Thanks for the post, Juergen.
It’s years that this hype machine is working and to a level which for me is very difficult to understand (why and how).
I have tasted the wines a few times, blind and not. Neither I nor those I tasted with were of the opinion that they were “in a class of their own”. In the few blind tastings where I had them they did not stand out.
Very limited statistics, I’ll be the first to say, and I do not want to convince anybody that this is how it should be. If your experience has been different, great!
The fact that their price keeps increasing makes them now completely uninteresting to me.
Unfortunately this kind of phenomena happens all the time in the wine world and I fully agree with Juergen that every time it happens it is a bad day for wine lovers.
I looked back over old email offers and the price (at least in NYC) for hubacker and kirschpiel are literally unchanged since the 2010 vintage. Sort of blows up this story…yes prices for the higher gg are probably up if you can find them. But imagine if coche meursault was the same release price as 7 years old?
i’m not sure where you were getting your keller, but sounds like crush? wallys offered 15 kirchspiel at $50 a bottle. i have paid as little as $90 for mags of kirchspiel, only within the past couple of years. how has the price not moved? convive had 15 and 16 kirchspiel at $62 which was as high as i have paid for it.
I don’t know that I could identify a Keller specifically…but I bet if you throw 10 GG’s that are from 2007 Keller is going to be at the top of my preference in the group. That’s not to say that there aren’t other wines I like…but even those are getting hard to find.
It depends on the importer, distributor, and retailer and how much each of them are marking up the wines. Sounds like Keller isn’t getting marked up at Wally’s like they are at other places…that’s awesome. I know I get great pricing from where I buy them and they’re more expensive that that by a long shot…but I think buying from the same place is going to be really important until they’re outside of my comfort zone in pricing…
Lots of talk about dry wines here, but to my mind Keller are producing Kabinett in a style rarely found these days, alongside Julian Haart and one or two others. I adore the style and see no reason why the wines should obey the traditional pricing hierarchy.
A couple of data in order to dedramatize the topic
Coche-Dury Aligote (cheapest white?) is much more expensive than e.g. Von der Fels
Von der Fels often is much better than many GG @ double pricing
Also Kellers red are better to Coche-Dury reds
Try the fantastic 2016 Frauenberg (cheaper than the cheapest Coche-Dury Pinot and far superior)

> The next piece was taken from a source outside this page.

(* Let $\phi$ be a PDL formula in negation normal form, and let $T$ be an expanded tableau whose root is $r=(\{\phi\} :: [\,],\bot,\emptyset,\emptyset :: \mathrm{stat},\mathrm{uev})$, with $\mathrm{stat}$ and $\mathrm{uev}$ determined from the children of $r$ by the rules. If $r$ is open (i.e. $\mathrm{stat}_r=\mathbf{open}$), then there exists a Hintikka structure for $\phi$.
   Context: Syntax of PDL. Fix disjoint countably infinite sets $\mathrm{AFml}$ (propositional atoms $p,q,\dots$) and $\mathrm{APrg}$ (atomic programs $a,b,\dots$). Formulae and programs are defined by mutual induction. Every atom is a formula and every atomic program is a program. If $\varphi,\psi$ are formulae, then $\neg\varphi$, $\varphi\wedge\psi$, $\varphi\vee\psi$ are formulae and $\varphi?$ is a program. If $\varphi$ is a formula and $\alpha$ a program, then $\langle\alpha\rangle\varphi$ and $[\alpha]\varphi$ are formulae. If $\alpha,\beta$ are programs, then $\alpha;\beta$, $\alpha\cup\beta$ and $\alpha^*$ are programs. A $\langle\rangle$-formula is any $\langle\alpha\rangle\varphi$. It is a non-atomic diamond formula if $\alpha\notin\mathrm{APrg}$. A $\langle{*}\rangle$-formula is any $\langle\alpha^*\rangle\varphi$. NNF means $\neg$ occurs only directly in front of atoms. $\mathrm{nnf}(\varphi)$ is the equivalent NNF formula obtained by pushing negations inward, and ${\sim}\varphi:=\mathrm{nnf}(\neg\varphi)$. Let $\mathrm{ppre}(\varphi):=\{\langle\alpha_1\rangle\cdots\langle\alpha_k\rangle\varphi: k\ge0,\ \alpha_i \text{ programs}\}$. Hintikka structures. - A structure $(W,R,L)$ for $\phi$ consists of a nonempty set $W$, a relation $R_a\subseteq W\times W$ for each $a\in\mathrm{APrg}$, and a labelling $L:W\to 2^{\mathrm{Fml}}$ with $\phi\in L(v)$ for some $v\in W$. - The relation $\leadsto$ is defined by: $\langle\alpha;\beta\rangle\chi\leadsto\langle\alpha\rangle\langle\beta\rangle\chi$; $\langle\alpha\cup\beta\rangle\chi\leadsto\langle\alpha\rangle\chi$ and $\langle\alpha\cup\beta\rangle\chi\leadsto\langle\beta\rangle\chi$; $\langle\alpha^*\rangle\chi\leadsto\chi$ and $\langle\alpha^*\rangle\chi\leadsto\langle\alpha\rangle\langle\alpha^*\rangle\chi$; $\langle\theta?\rangle\chi\leadsto\chi$; and nothing else. - A fulfilling chain for $(\varphi,\beta,w)$ in $H=(W,R,L)$ is a sequence $(w_0,\psi_0),\dots,(w_n,\psi_n)$, $n\ge0$, such that: - each $w_i\in W$, each $\psi_i\in\mathrm{ppre}(\varphi)$, and $\psi_i\in L(w_i)$; - $w_0=w$, $\psi_0=\langle\beta\rangle\varphi$, $\psi_n=\varphi$, and $\psi_i\ne\varphi$ for $i<n$; - for $i<n$: if $\psi_i=\langle a\rangle\chi$ with $a\in\mathrm{APrg}$, then $\psi_{i+1}=\chi$ and $(w_i,w_{i+1})\in R_a$; otherwise $\psi_i\leadsto\psi_{i+1}$ and $w_i=w_{i+1}$. - $\alpha$-formulae with components $(\alpha_1;\alpha_2)$ are: $\varphi\wedge\psi:(\varphi;\psi)$; $[\alpha\cup\beta]\varphi:([\alpha]\varphi;[\beta]\varphi)$; $[\alpha^*]\varphi:(\varphi;[\alpha][\alpha^*]\varphi)$; $\langle\psi?\rangle\varphi:(\varphi;\psi)$; $\langle\alpha;\beta\rangle\varphi:(\langle\alpha\rangle\langle\beta\rangle\varphi;\text{none})$; $[\alpha;\beta]\varphi:([\alpha][\beta]\varphi;\text{none})$. - $\beta$-formulae with components $(\beta_1;\beta_2)$ are: $\varphi\vee\psi:(\varphi;\psi)$; $\langle\alpha\cup\beta\rangle\varphi:(\langle\alpha\rangle\varphi;\langle\beta\rangle\varphi)$; $\langle\alpha^*\rangle\varphi:(\varphi;\langle\alpha\rangle\langle\alpha^*\rangle\varphi)$; $[\psi?]\varphi:(\varphi;{\sim}\psi)$. - A Hintikka structure for $\phi$ is a structure for $\phi$ such that for all $w\in W$: - (H1) $\neg p\in L(w)\Rightarrow p\notin L(w)$; - (H2) if an $\alpha$-formula is in $L(w)$ then its component(s) are in $L(w)$; - (H3) if a $\beta$-formula is in $L(w)$ then $\beta_1\in L(w)$ or $\beta_2\in L(w)$; - (H4) $\langle a\rangle\varphi\in L(w)\Rightarrow$ there is $v$ with $(w,v)\in R_a$ and $\varphi\in L(v)$; - (H5) $[a]\varphi\in L(w)\Rightarrow\varphi\in L(v)$ for all $v$ with $(w,v)\in R_a$; - (H6) $\langle\alpha^*\rangle\varphi\in L(w)\Rightarrow$ there is a fulfilling chain for $(\varphi,\alpha^*,w)$ in $H$. Tableau nodes. A node has the form $(\Gamma :: \mathrm{HCr},\mathrm{Nx},\mathrm{BD},\mathrm{BB} :: \mathrm{stat},\mathrm{uev})$, where: - $\Gamma$ is a finite set of formulae; - $\mathrm{HCr}$ is a finite list of pairs $(\varphi,\Delta)$ with $\varphi\in\Delta$, with length $\mathrm{len}(\mathrm{HCr})$, $j$-th entry $\mathrm{HCr}[j]$, and concatenation $@$; - $\mathrm{Nx}$ is $\bot$ or a formula; - $\mathrm{BD},\mathrm{BB}$ are sets of formulae; - $\mathrm{stat}\in\{\mathbf{unsat},\mathbf{open},\mathbf{barred}\}$; - $\mathrm{uev}$ is a partial function from pairs ($\langle\rangle$-formula, $\langle{*}\rangle$-formula) to positive integers ($\bot$ = undefined). Auxiliary functions: - $\mathrm{uev}_\bot$ is everywhere undefined. - $\mathrm{tst}(\chi)=\chi$ if $\chi$ is a non-atomic diamond formula, else $\bot$. - $\mathrm{bl}(\chi,\Gamma)=\Gamma$ if $\chi$ is a non-atomic diamond formula, else $\emptyset$. - $\min_\bot(f,g)(\chi_1,\chi_2)$ is undefined if either value is undefined, else the minimum. Rules. The premise set is the displayed principal formula disjointly united with $\Gamma$. Unmentioned histories are copied from parent to children; one-child rules copy the child's $\mathrm{stat}$ to the parent. Terminal rules: - (id): applicable if $\{p,\neg p\}\subseteq\Gamma$; set $\mathrm{stat}:=\mathbf{unsat}$ and $\mathrm{uev}:=\mathrm{uev}_\bot$. - ($\langle*\rangle_2$): premise $\langle\alpha^*\rangle\varphi,\Gamma$ with $\mathrm{Nx}\in\{\bot,\langle\alpha^*\rangle\varphi\}$ and $\langle\alpha^*\rangle\varphi\in\mathrm{BD}$; set $\mathrm{stat}:=\mathbf{barred}$ and $\mathrm{uev}:=\mathrm{uev}_\bot$. Linear rules with $\mathrm{Nx}=\bot$, in each of which $\mathrm{uev}(\chi_1,\chi_2)=\mathrm{uev}_1(\chi_1,\chi_2)$ if $\chi_1\in\Gamma$, else $\bot$: - ($\wedge$): $\varphi\wedge\psi,\Gamma$ has the child $\{\varphi,\psi\}\cup\Gamma$; - ($[\cup]$): $[\alpha\cup\beta]\varphi,\Gamma$ has the child $\{[\alpha]\varphi,[\beta]\varphi\}\cup\Gamma$; - ($[;]$): $[\alpha;\beta]\varphi,\Gamma$ has the child $\{[\alpha][\beta]\varphi\}\cup\Gamma$; - ($[*]$): $[\alpha^*]\varphi,\Gamma$ has a child with set $\Gamma$ if $[\alpha^*]\varphi\in\mathrm{BB}$ and $\{\varphi,[\alpha][\alpha^*]\varphi\}\cup\Gamma$ otherwise, and $\mathrm{BB}_1=\{[\alpha^*]\varphi\}\cup\mathrm{BB}$. Further linear rules: - ($\langle;\rangle$): premise $\langle\alpha;\beta\rangle\varphi,\Gamma$ with $\mathrm{Nx}\in\{\bot,\langle\alpha;\beta\rangle\varphi\}$. The child is $\{\langle\alpha\rangle\langle\beta\rangle\varphi\}\cup\Gamma$ with $\mathrm{Nx}_1=\mathrm{tst}(\langle\alpha\rangle\langle\beta\rangle\varphi)$ and $\mathrm{BD}_1=\mathrm{bl}(\langle\alpha\rangle\langle\beta\rangle\varphi,\mathrm{BD})$. Set $\mathrm{uev}(\chi_1,\chi_2)$ to be $\mathrm{uev}_1(\langle\alpha\rangle\langle\beta\rangle\varphi,\chi_2)$ if $\chi_1$ is the principal formula; $\mathrm{uev}_1(\chi_1,\chi_2)$ if $\chi_1\in\Gamma$; and $\bot$ otherwise. - ($\langle?\rangle$): premise $\langle\psi?\rangle\varphi,\Gamma$ with $\mathrm{Nx}\in\{\bot,\langle\psi?\rangle\varphi\}$. The child is $\{\psi,\varphi\}\cup\Gamma$ with $\mathrm{Nx}_1=\mathrm{tst}(\varphi)$ and $\mathrm{BD}_1=\mathrm{bl}(\varphi,\mathrm{BD})$. Set $\mathrm{uev}(\chi_1,\chi_2)$ to be $\mathrm{uev}_1(\varphi,\chi_2)$ if $\chi_1$ is the principal formula; $\mathrm{uev}_1(\chi_1,\chi_2)$ if $\chi_1\in\Gamma$; and $\bot$ otherwise. Branching rules ($i=1,2$): - ($\vee$): premise $\varphi_1\vee\varphi_2,\Gamma$ with $\mathrm{Nx}=\bot$; children $\{\varphi_i\}\cup\Gamma$. - ($[?]$): premise $[\psi?]\varphi,\Gamma$ with $\mathrm{Nx}=\bot$; children $\{{\sim}\psi\}\cup\Gamma$ and $\{\varphi\}\cup\Gamma$. - For both of these, $\mathrm{uev}'_i(\chi_1,\chi_2)=\mathrm{uev}_i(\chi_1,\chi_2)$ if $\chi_1\in\Gamma$, else $\bot$. - ($\langle\cup\rangle$): premise $\langle\alpha_1\cup\alpha_2\rangle\varphi,\Gamma$ with $\mathrm{Nx}\in\{\bot,\text{principal formula}\}$. The children are $\{\langle\alpha_i\rangle\varphi\}\cup\Gamma$ with $\mathrm{Nx}_i=\mathrm{tst}(\langle\alpha_i\rangle\varphi)$ and $\mathrm{BD}_i=\mathrm{bl}(\langle\alpha_i\rangle\varphi,\mathrm{BD})$. Set $\mathrm{uev}'_i(\chi_1,\chi_2)$ to be $\mathrm{uev}_i(\langle\alpha_i\rangle\varphi,\chi_2)$ if $\chi_1$ is the principal formula; $\mathrm{uev}_i(\chi_1,\chi_2)$ if $\chi_1\in\Gamma$; and $\bot$ otherwise. - ($\langle*\rangle_1$): premise $\langle\alpha^*\rangle\varphi,\Gamma$ with $\mathrm{Nx}\in\{\bot,\langle\alpha^*\rangle\varphi\}$ and $\langle\alpha^*\rangle\varphi\notin\mathrm{BD}$. - Child 1 is $\{\varphi\}\cup\Gamma$ with $\mathrm{Nx}_1=\mathrm{tst}(\varphi)$ and $\mathrm{BD}_1=\mathrm{bl}(\varphi,\{\langle\alpha^*\rangle\varphi\}\cup\mathrm{BD})$. - Child 2 is $\{\langle\alpha\rangle\langle\alpha^*\rangle\varphi\}\cup\Gamma$ with $\mathrm{Nx}_2=\mathrm{tst}(\langle\alpha\rangle\langle\alpha^*\rangle\varphi)$ and $\mathrm{BD}_2=\mathrm{bl}(\langle\alpha\rangle\langle\alpha^*\rangle\varphi,\{\langle\alpha^*\rangle\varphi\}\cup\mathrm{BD})$. - $\mathrm{uev}'_1(\chi_1,\chi_2)$ is $\bot$ if $\chi_1=\chi_2=\langle\alpha^*\rangle\varphi$; $\mathrm{uev}_1(\varphi,\chi_2)$ if $\chi_1=\langle\alpha^*\rangle\varphi\ne\chi_2$; $\mathrm{uev}_1(\chi_1,\chi_2)$ if $\chi_1\in\Gamma$; and $\bot$ otherwise. - $\mathrm{uev}'_2(\chi_1,\chi_2)$ is $\mathrm{uev}_2(\langle\alpha\rangle\langle\alpha^*\rangle\varphi,\chi_2)$ if $\chi_1=\langle\alpha^*\rangle\varphi$; $\mathrm{uev}_2(\chi_1,\chi_2)$ if $\chi_1\in\Gamma$; and $\bot$ otherwise. For all branching rules, the parent's variables are computed as follows. - $\mathrm{stat}=\mathbf{unsat}$ if both children are $\mathbf{unsat}$; $\mathbf{open}$ if some child is $\mathbf{open}$; and $\mathbf{barred}$ otherwise. - $\mathrm{uev}=\mathrm{uev}_\bot$ if $\mathrm{stat}\ne\mathbf{open}$. - Otherwise $\mathrm{uev}=\mathrm{uev}'_i$ if only child $i$ is open, and $\min_\bot(\mathrm{uev}'_1,\mathrm{uev}'_2)$ if both are open. Existential rule ($\langle\rangle$). The premise set is $\{\langle a_1\rangle\varphi_1,\dots,\langle a_{n+m}\rangle\varphi_{n+m}\}\uplus[-]\Delta\uplus\Gamma$, $n+m\ge0$, subject to the following conditions. - Each $a_i\in\mathrm{APrg}$. - $\Gamma$ consists only of atoms and negated atoms, with no $\{p,\neg p\}\subseteq\Gamma$. - $[-]\Delta$ consists only of formulae $[a]\psi$ with $a\in\mathrm{APrg}$. - Let $\Delta_i=\{\psi:[a_i]\psi\in[-]\Delta\}$. For $i\le n$, the pair $(\varphi_i,\{\varphi_i\}\cup\Delta_i)$ is not an entry of $\mathrm{HCr}$. For $n<k\le n+m$, $(\varphi_k,\{\varphi_k\}\cup\Delta_k)=\mathrm{HCr}[j]$ for some $j$. The children, for $i\le n$, are $\{\varphi_i\}\cup\Delta_i$ with $\mathrm{HCr}_i=\mathrm{HCr}\,@\,[(\varphi_i,\{\varphi_i\}\cup\Delta_i)]$, $\mathrm{Nx}_i=\mathrm{tst}(\varphi_i)$ and $\mathrm{BD}_i=\mathrm{BB}_i=\emptyset$. The parent's variables are computed as follows. - $\mathrm{stat}=\mathbf{unsat}$ if some $i\le n$ has $\mathrm{stat}_i\ne\mathbf{open}$, or there exist $i\le n$ and a $\langle{*}\rangle$-formula $\psi$ with $\varphi_i\in\mathrm{ppre}(\psi)$ and $\mathrm{uev}_i(\varphi_i,\psi)$ defined and $>\mathrm{len}(\mathrm{HCr})$. Otherwise $\mathrm{stat}=\mathbf{open}$. - For $n<k\le n+m$, $\mathrm{uev}_k$ is constantly $j$, where $\mathrm{HCr}[j]=(\varphi_k,\{\varphi_k\}\cup\Delta_k)$. - $\mathrm{uev}(\chi_1,\chi_2)=\mathrm{uev}_i(\varphi_i,\chi_2)$ if $\mathrm{stat}=\mathbf{open}$, $\chi_2$ is a $\langle{*}\rangle$-formula, $\chi_1\in\mathrm{ppre}(\chi_2)$ and $\chi_1=\langle a_i\rangle\varphi_i$ for some $i\le n+m$. Otherwise $\mathrm{uev}(\chi_1,\chi_2)=\bot$. Tableau. A tableau is a tree of nodes in which the children of each node come from a single application of one applicable rule (free choice), and each parent's $\mathrm{stat}$ and $\mathrm{uev}$ are computed from its children. It is expanded if no rule can be applied to any leaf. *)

From Stdlib Require Import List Arith.
Import ListNotations.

I really have a problem with the thread because of the negative slant - Klaus-Peter is as genuine a person and as big a wine geek as any of us on this Board. Look at his instagram thread he loves wines from the Jura, Beaujolais etc. and is constantly exploring. He makes great wines at extremely fair prices including Silvaner, Grauburgunder and of course his other worldly Scheurebe (that sells for $20 this wine is much, much better that Coche Aligote which sells for $200+ in the U.S. admittedly because of the 3 tier system and not because of the domain). He has also mentored many young winemakers (e.g. Julian Haart). I see him on other wine boards talking up and complimenting his fellow German winemakers.
Why cast the winery and his name in a such a negative light because someone paid a crazy price for one bottle and his one high end wine G-Max occasionally sells for high prices.
Totally. Those Pettenthal Kabinetts’ haunt my memories. The icy, cool profile freaks out my taste buds- in the best of ways. The Schubertslay is about to raise the kabinett awareness significantly.
As mentioned above, for those sore about the GG market dynamics, the Von der Fels is currently a young vine baby GG of outstanding value so… all good. Crack some trocken.
That’s not really what’s going on here. The OP isnt attacking the producer. He’s saying that the people who like the wines are basically morons who can’t be trusted to accurately judge whether they really enjoy what they are tasting, and are instead label whores who are chasing status. Jurgen’s complaint isn’t so much with Keller as it is with those of us who still buy it and claim to like it.
Perhaps you are right Alex. However I still feel a negative thread attached to a producer is unfair especially when it involves a hard working small family run operation.
David not exactly the same but it is similar to when you jumped in to defend the Skurniks because you know them personally.